Volunteer physical-culture instructors and sports officials take courses in applied physical education and receive teaching and coaching practice. Students in sports schools receive elementary training in physical culture, and students in general-education schools and all types of specialized educational institutions learn the basic principles of physical culture and sports in compulsory physical-culture classes.
In other socialist countries, specialists in physical education are trained in major fields of study and other courses similar to those offered in the Soviet system.
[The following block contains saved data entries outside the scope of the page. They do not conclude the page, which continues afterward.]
(* Consider the network and loss $\mathcal{L}$ from the context. If $\mathbf{P}\in\mathbb{R}^D$ is such that there exist $i\in I$ and $k\in K$ with $\rho(\mathbf{w}_i\cdot\mathbf{x}_k)\ne0$, then $\mathbf{P}$ is not a local maximum of $\mathcal{L}$.
   Context: Fix an integer $d>1$, finite index sets $I$ (hidden neurons), $J$ (output neurons), $K$ (samples), reals $\alpha^+\neq\alpha^-$, and $\rho(z)=\alpha^+z$ for $z\ge0$, $\rho(z)=\alpha^-z$ for $z<0$ (componentwise). Parameters $\mathbf{P}=(W,H)\in\mathbb{R}^D$, $D=|J||I|+|I|d$, with $W\in\mathbb{R}^{|I|\times d}$ having rows $\mathbf{w}_i$ and $H=(h_{ji})\in\mathbb{R}^{|J|\times|I|}$; output $\hat{\mathbf{y}}(\mathbf{P};\mathbf{x})=H\rho(W\mathbf{x})$; training data $\mathbf{x}_k\in\mathbb{R}^d$, $\mathbf{y}_k\in\mathbb{R}^{|J|}$; loss $\mathcal{L}(\mathbf{P})=\frac12\sum_{k\in K}\|\hat{\mathbf{y}}(\mathbf{P};\mathbf{x}_k)-\mathbf{y}_k\|^2$. *)

From HB Require Import structures.
From mathcomp Require Import all_boot all_order all_algebra.
Set Implicit Arguments. Unset Strict Implicit. Unset Printing Implicit Defensive.
Import Order.TTheory GRing.Theory Num.Theory.
Local Open Scope ring_scope.

(* Index sets: I = 'I_nI (hidden), J = 'I_nJ (outputs), K = 'I_nK (samples). *)

Definition rho {R : realFieldType} (ap am : R) (z : R) : R :=
  if 0 <= z then ap * z else am * z.

Definition dotrow {R : realFieldType} {nI d : nat}
  (W : 'M[R]_(nI, d)) (i : 'I_nI) (x : 'cV[R]_d) : R :=
  \sum_(l < d) W i l * x l 0.

Definition net_out {R : realFieldType} (ap am : R) {nI nJ d : nat}
  (W : 'M[R]_(nI, d)) (H : 'M[R]_(nJ, nI)) (x : 'cV[R]_d) (j : 'I_nJ) : R :=
  \sum_(i < nI) H j i * rho ap am (dotrow W i x).

Definition loss {R : realFieldType} (ap am : R) {nI nJ nK d : nat}
  (xs : 'I_nK -> 'cV[R]_d) (ys : 'I_nK -> 'cV[R]_nJ)
  (W : 'M[R]_(nI, d)) (H : 'M[R]_(nJ, nI)) : R :=
  2^-1 * \sum_(k < nK) \sum_(j < nJ) (net_out ap am W H (xs k) j - ys k j 0) ^+ 2.

Definition local_max {R : realFieldType} {nI nJ d : nat}
  (f : 'M[R]_(nI, d) -> 'M[R]_(nJ, nI) -> R)
  (W : 'M[R]_(nI, d)) (H : 'M[R]_(nJ, nI)) : Prop :=
  exists e : R, 0 < e /\
    forall (W' : 'M[R]_(nI, d)) (H' : 'M[R]_(nJ, nI)),
      (forall i l, `|W' i l - W i l| < e) ->
      (forall j i, `|H' j i - H j i| < e) ->
      f W' H' <= f W H.

From HB Require Import structures.
From mathcomp Require Import all_boot all_order all_algebra.
From mathcomp Require Import ring lra.
Import Order.TTheory GRing.Theory Num.Theory.
Local Open Scope ring_scope.

(* Moving a single output weight h_ji by t or by -t (i.e. H +- t E with E the
   matrix unit at (j, i)) changes the residuals by +-t rho(w_i . x_k) in
   coordinate j, so by the parallelogram identity
   L(H + tE) + L(H - tE) = 2 L(H) + t^2 sum_k rho(w_i . x_k)^2, and the last
   term is positive as soon as some rho(w_i . x_k) is nonzero.  Hence one of
   the two perturbations strictly increases the loss, arbitrarily close to P. *)

Lemma sum_delta_sqr (R : pzRingType) (n : nat) (j : 'I_n) (c : R) :
  \sum_(j' < n) ((j' == j)%:R * c) ^+ 2 = c ^+ 2.
Proof.
rewrite (bigD1 j) //= eqxx mul1r big1 ?addr0 //.
by move=> j' /negbTE ->; rewrite mul0r expr0n.
Qed.

Lemma sumr_sqr_gt0 {R : realDomainType} {n : nat} (F : 'I_n -> R) (k : 'I_n) :
  F k != 0 -> 0 < \sum_(k' < n) F k' ^+ 2.
Proof.
move=> Fk_neq0; rewrite (bigD1 k) //= ltr_pwDl ?exprn_even_gt0 //.
by apply: sumr_ge0 => k' _; rewrite sqr_ge0.
Qed.

Lemma norm_addZdelta_sub {R : numDomainType} {m n : nat}
    (A : 'M[R]_(m, n)) (i : 'I_m) (j : 'I_n) (s : R) i' j' :
  `|(A + s *: delta_mx i j) i' j' - A i' j'| <= `|s|.
Proof.
rewrite !mxE addrAC subrr add0r normrM.
by case: (_ && _); rewrite ?normr1 ?normr0 ?mulr1 ?mulr0.
Qed.

Section OutputWeightPerturbation.
Context {R : realFieldType} (ap am : R) {d nI nJ nK : nat}.
Context (xs : 'I_nK -> 'cV[R]_d) (ys : 'I_nK -> 'cV[R]_nJ).
Context (W : 'M[R]_(nI, d)) (H : 'M[R]_(nJ, nI)) (j : 'I_nJ) (i : 'I_nI).

Lemma net_out_addZdelta t x j' :
  net_out ap am W (H + t *: delta_mx j i) x j' =
  net_out ap am W H x j' + (j' == j)%:R * (t * rho ap am (dotrow W i x)).
Proof.
rewrite /net_out; under eq_bigr => b _ do rewrite !mxE mulrDl.
rewrite big_split /=; congr (_ + _).
rewrite (bigD1 i) //= big1 ?addr0; last first.
  by move=> b /negbTE ->; rewrite andbF mulr0 mul0r.
by rewrite eqxx andbT mulrCA mulrA.
Qed.

Lemma loss_addZdelta_addNZdelta t :
  loss ap am xs ys W (H + t *: delta_mx j i) +
  loss ap am xs ys W (H - t *: delta_mx j i) =
  2 * loss ap am xs ys W H + \sum_(k < nK) (t * rho ap am (dotrow W i (xs k))) ^+ 2.
Proof.
have parallelogram k j' :
    (net_out ap am W (H + t *: delta_mx j i) (xs k) j' - ys k j' 0) ^+ 2 +
    (net_out ap am W (H - t *: delta_mx j i) (xs k) j' - ys k j' 0) ^+ 2 =
    2 * (net_out ap am W H (xs k) j' - ys k j' 0) ^+ 2 +
    2 * ((j' == j)%:R * (t * rho ap am (dotrow W i (xs k)))) ^+ 2.
  by rewrite -scaleNr !net_out_addZdelta; ring.
have per_sample k :
    \sum_(j' < nJ) (net_out ap am W (H + t *: delta_mx j i) (xs k) j' - ys k j' 0) ^+ 2 +
    \sum_(j' < nJ) (net_out ap am W (H - t *: delta_mx j i) (xs k) j' - ys k j' 0) ^+ 2 =
    2 * \sum_(j' < nJ) (net_out ap am W H (xs k) j' - ys k j' 0) ^+ 2 +
    2 * (t * rho ap am (dotrow W i (xs k))) ^+ 2.
  rewrite -big_split /= (eq_bigr _ (fun j' _ => parallelogram k j')).
  by rewrite big_split /= -!mulr_sumr sum_delta_sqr.
rewrite /loss -mulrDr -big_split /= (eq_bigr _ (fun k _ => per_sample k)).
rewrite big_split /= -!mulr_sumr; lra.
Qed.

End OutputWeightPerturbation.

Theorem theorem2 (R : realFieldType) (d nI nJ nK : nat) (ap am : R)
  (xs : 'I_nK -> 'cV[R]_d) (ys : 'I_nK -> 'cV[R]_nJ)
  (W : 'M[R]_(nI, d)) (H : 'M[R]_(nJ, nI)) :
  (1 < d)%N -> (0 < nJ)%N -> ap != am ->
  (exists (i : 'I_nI) (k : 'I_nK), rho ap am (dotrow W i (xs k)) != 0) ->
  ~ local_max (loss ap am xs ys) W H.
Proof.
move=> _ nJ_gt0 _ [i [k rho_neq0]] [e [e_gt0 maxP]].
pose j := Ordinal nJ_gt0; pose t := e / 2.
have t_gt0 : 0 < t by rewrite divr_gt0.
have t_lt_e : t < e by rewrite /t; lra.
have W_near a b : `|W a b - W a b| < e by rewrite subrr normr0.
have H_near s : `|s| = t -> forall j' i',
    `|(H + s *: delta_mx j i) j' i' - H j' i'| < e.
  by move=> s_t j' i'; rewrite (le_lt_trans (norm_addZdelta_sub H j i s j' i')) ?s_t.
have norm_t : `|t| = t by rewrite gtr0_norm.
have le_plus := maxP _ _ W_near (H_near t norm_t).
have le_minus := maxP _ _ W_near (H_near (- t) (etrans (normrN t) norm_t)).
rewrite scaleNr in le_minus.
have gap_gt0 : 0 < \sum_(k' < nK) (t * rho ap am (dotrow W i (xs k'))) ^+ 2.
  by apply: (sumr_sqr_gt0 _ k); rewrite mulf_neq0 ?(gt_eqF t_gt0).
have := loss_addZdelta_addNZdelta ap am xs ys W H j i t; lra.
Qed.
The largest centers of physical education are the higher schools of physical culture in Leipzig and Havana, the Warsaw Academy of Physical Education, the Bucharest, Hungarian, Sofia, and Ulan Bator institutes of physical culture, and the departments of physical education at the universities of Belgrade, Ljubljana, Zagreb, and Sarajevo.
In the majority of capitalist countries there is no state system of public physical education, and training in physical education stresses sports; for example, instructors and coaches are usually trained in one particular sport. Specialists in physical education are usually trained in departments of physical education within universities; the USA, for example, has more than 1,300 such departments.
Well-known centers of physical education in the capitalist countries are the Higher School of Physical Culture in Cologne and the departments of physical education in the universities of Bonn, Frankfurt, Munich, and Marburg (Federal Republic of Germany); the departments of physical education at Harvard University, the University of California, and the University of Michigan (USA); the National Institute of Sports in Paris and the institutes of physical education in Joinville and Châtenay-Malabry (France); and the Stockholm Physical Education Institute (Sweden).